The ones on the Battlebots show are 250lbs, and cost tens of thousands of dollars – most of that in batteries.

Much more accessibly, there are a bunch of regional competitions, at a variety of weight classes. 3 and 30 pounds are the most popular, as a trade-off between expense, challenge, and excitement (heavier has more of the latter, at the cost of the first two).

Someone local to me was trying to start a one pound league, so I took the opportunity to build one as a way to dip my toes in.

Unlike my previous hacky RC car, the roadmap for the electronics is a lot better defined.

 

A wedgebot (that is, just a driving platform, no active weapon) consists mostly of these components:

  • Wheels
  • Wheel motors
  • Chassis
  • Power switch
  • ESC
  • Receiver / RX
  • Battery
  • Transmitter / Controller

All of these are easy commodity parts.

I 3D printed the chassis and then the internal frame to hold everything together – PETG for most of it, and then some soft rubbery TPU shockmounts to attach the internal and external components, ideally kinda cushioning the electronics. Similarly the motors are held on with some thin PETG to allow flex to absorb shocks.

 

 

The motors are 800 RPM DC motors. That seemed like a good compromise on speed vs. control with this size of wheel.

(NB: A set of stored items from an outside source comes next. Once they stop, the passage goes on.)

(* Let ${\tt G}$ be a digraph with a fixed total order on its vertices, $R$ a commutative unital ring, $A$ a unital associative $R$-algebra and $M$ an $(A,A)$-bimodule. Setting $\mathcal F_{A,M}({\tt H}\preceq{\tt H}')$ to be the composite of the covering maps along any chain ${\tt H}={\tt H}_0\prec{\tt H}_1\prec\dots\prec{\tt H}_m={\tt H}'$ (and the identity when ${\tt H}={\tt H}'$) is well defined, and $\mathcal F_{A,M}\colon\mathbf P({\tt G})\to R\text{-}\mathbf{Mod}$ is a covariant functor.
   Context: A digraph ${\tt G}=(V,E)$ has finite $V$ and $E\subseteq(V\times V)\setminus\{(v,v)\}$; $s(e),t(e)$ are source and target of $e$. A multipath is a spanning subgraph (all vertices, subset of edges) each of whose components (of the underlying undirected graph) is an isolated vertex or a simple directed path. $P({\tt G})$ is the set of multipaths ordered by inclusion of edge sets, ${\tt H}\prec{\tt H}\cup e$ the covering relation (add one edge), and $\mathbf P({\tt G})$ the category with a unique morphism ${\tt H}\to{\tt H}'$ iff ${\tt H}\le{\tt H}'$. For a multipath ${\tt H}$ with components $c_0<\dots<c_k$ ordered by minimal vertex, $\mathcal F_{A,M}({\tt H})=M\otimes_R A\otimes_R\cdots\otimes_R A$ (factor $M$ for $c_0$, factor $A$ for $c_1,\dots,c_k$). For ${\tt H}\prec{\tt H}\cup e$ let $s,t$ be the indices of the components of ${\tt H}$ containing $s(e),t(e)$ (so $s\neq t$); the components of ${\tt H}\cup e$ are those of ${\tt H}$ with $c_s,c_t$ merged into one component placed at position $\min(s,t)$, the others keeping their order, and the covering map $\mathcal F_{A,M}({\tt H}\prec{\tt H}\cup e)$ sends $a_0\otimes\cdots\otimes a_k$ to the tensor obtained by replacing $a_s,a_t$ with the single factor $a_s\cdot a_t$ (algebra product or bimodule action) in position $\min(s,t)$. *)

From HB Require Import structures.
From mathcomp Require Import all_boot all_order all_algebra.
From Stdlib Require Import ClassicalEpsilon.

Set Implicit Arguments.
Unset Strict Implicit.
Unset Printing Implicit Defensive.

Import GRing.Theory.
Local Open Scope ring_scope.

(* Digraphs on the totally ordered vertex set 'I_n (order = nat order) *)

Definition digraph (n : nat) (E : {set 'I_n * 'I_n}) : Prop :=
  forall v : 'I_n, (v, v) \notin E.

Definition uadj (n : nat) (H : {set 'I_n * 'I_n}) : rel 'I_n :=
  fun u v => ((u, v) \in H) || ((v, u) \in H).

(* H is a multipath of G = (V,E): a spanning subgraph all of whose
   (undirected) components are an isolated vertex or a simple directed
   path: the component of x is the vertex set of a duplicate-free
   sequence p, and the edges of H in it are exactly the consecutive
   pairs of p. *)
Definition multipath (n : nat) (E H : {set 'I_n * 'I_n}) : Prop :=
  H \subset E /\
  forall x : 'I_n, exists p : seq 'I_n,
    [/\ uniq p,
        (forall y, (y \in p) = connect (uadj H) x y) &
        (forall e : 'I_n * 'I_n, e.1 \in p -> (e \in H) = (e \in zip p (behead p)))].

Definition is_root (n : nat) (H : {set 'I_n * 'I_n}) (u : 'I_n) : bool :=
  [forall w, connect (uadj H) u w ==> (u <= w)%N].

Definition ncomp (n : nat) (H : {set 'I_n * 'I_n}) : nat :=
  #|[set u | is_root H u]|.

(* index (0-based, components ordered by minimal vertex) of the
   component containing v *)
Definition comp_index (n : nat) (H : {set 'I_n * 'I_n}) (v : 'I_n) : nat :=
  #|[set u | is_root H u & [forall w, connect (uadj H) v w ==> (u < w)%N]]|.

Record bimodule (R : comNzRingType) (A : algType R) := Bimodule {
  bm_car : lmodType R;
  lact : A -> bm_car -> bm_car;
  ract : bm_car -> A -> bm_car;
  lactA : forall a b m, lact a (lact b m) = lact (a * b) m;
  lact1 : forall m, lact 1 m = m;
  ractA : forall m a b, ract (ract m a) b = ract m (a * b);
  ract1 : forall m, ract m 1 = m;
  lact_ract : forall a m b, ract (lact a m) b = lact a (ract m b);
  lact_linl : forall r a b m, lact (r *: a + b) m = r *: lact a m + lact b m;
  lact_linr : forall r a m m', lact a (r *: m + m') = r *: lact a m + lact a m';
  ract_linl : forall r m m' a, ract (r *: m + m') a = r *: ract m a + ract m' a;
  ract_linr : forall r m a b, ract m (r *: a + b) = r *: ract m a + ract m b
}.

(* Tensor products M (x)_R A (x)_R ... (x)_R A  (k factors A),        *)
(* given by their universal property                                 *)

Definition is_linear (R : comNzRingType) (U W : lmodType R) (g : U -> W) : Prop :=
  forall (r : R) (x y : U), g (r *: x + y) = r *: g x + g y.

Definition fupd (k : nat) (T : Type) (f : {ffun 'I_k -> T}) (i : 'I_k) (x : T) :
  {ffun 'I_k -> T} := [ffun j => if j == i then x else f j].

The wheels are 45mm rubber/foam wheels.

The ESC is a 5A board, that can take a forward/direction control, and turn it into left/right tank steering. Originally I had an ESC designed in for each motor, but the ones I specced out didn’t work with the tank steering setup. This one nicely controlled both motors, after translating the two data channels into what I needed.

This was critical because my controller is a Spektrum DX3s, which only has forward/back and left/right channels. The controller also came with a compatible receiver.

The battery is a tiny 550mAh thing.

There are two philosophies on power input from the battery. Some people run power from the battery-positive to a pin on a connector, with the rest of the system connected to the connector’s other pin. This allows the whole system to be powered up by plugging in the mating connector with both pins soldered to each other. This is cheap and easy, but it’s pretty common to see the link fly off during fights.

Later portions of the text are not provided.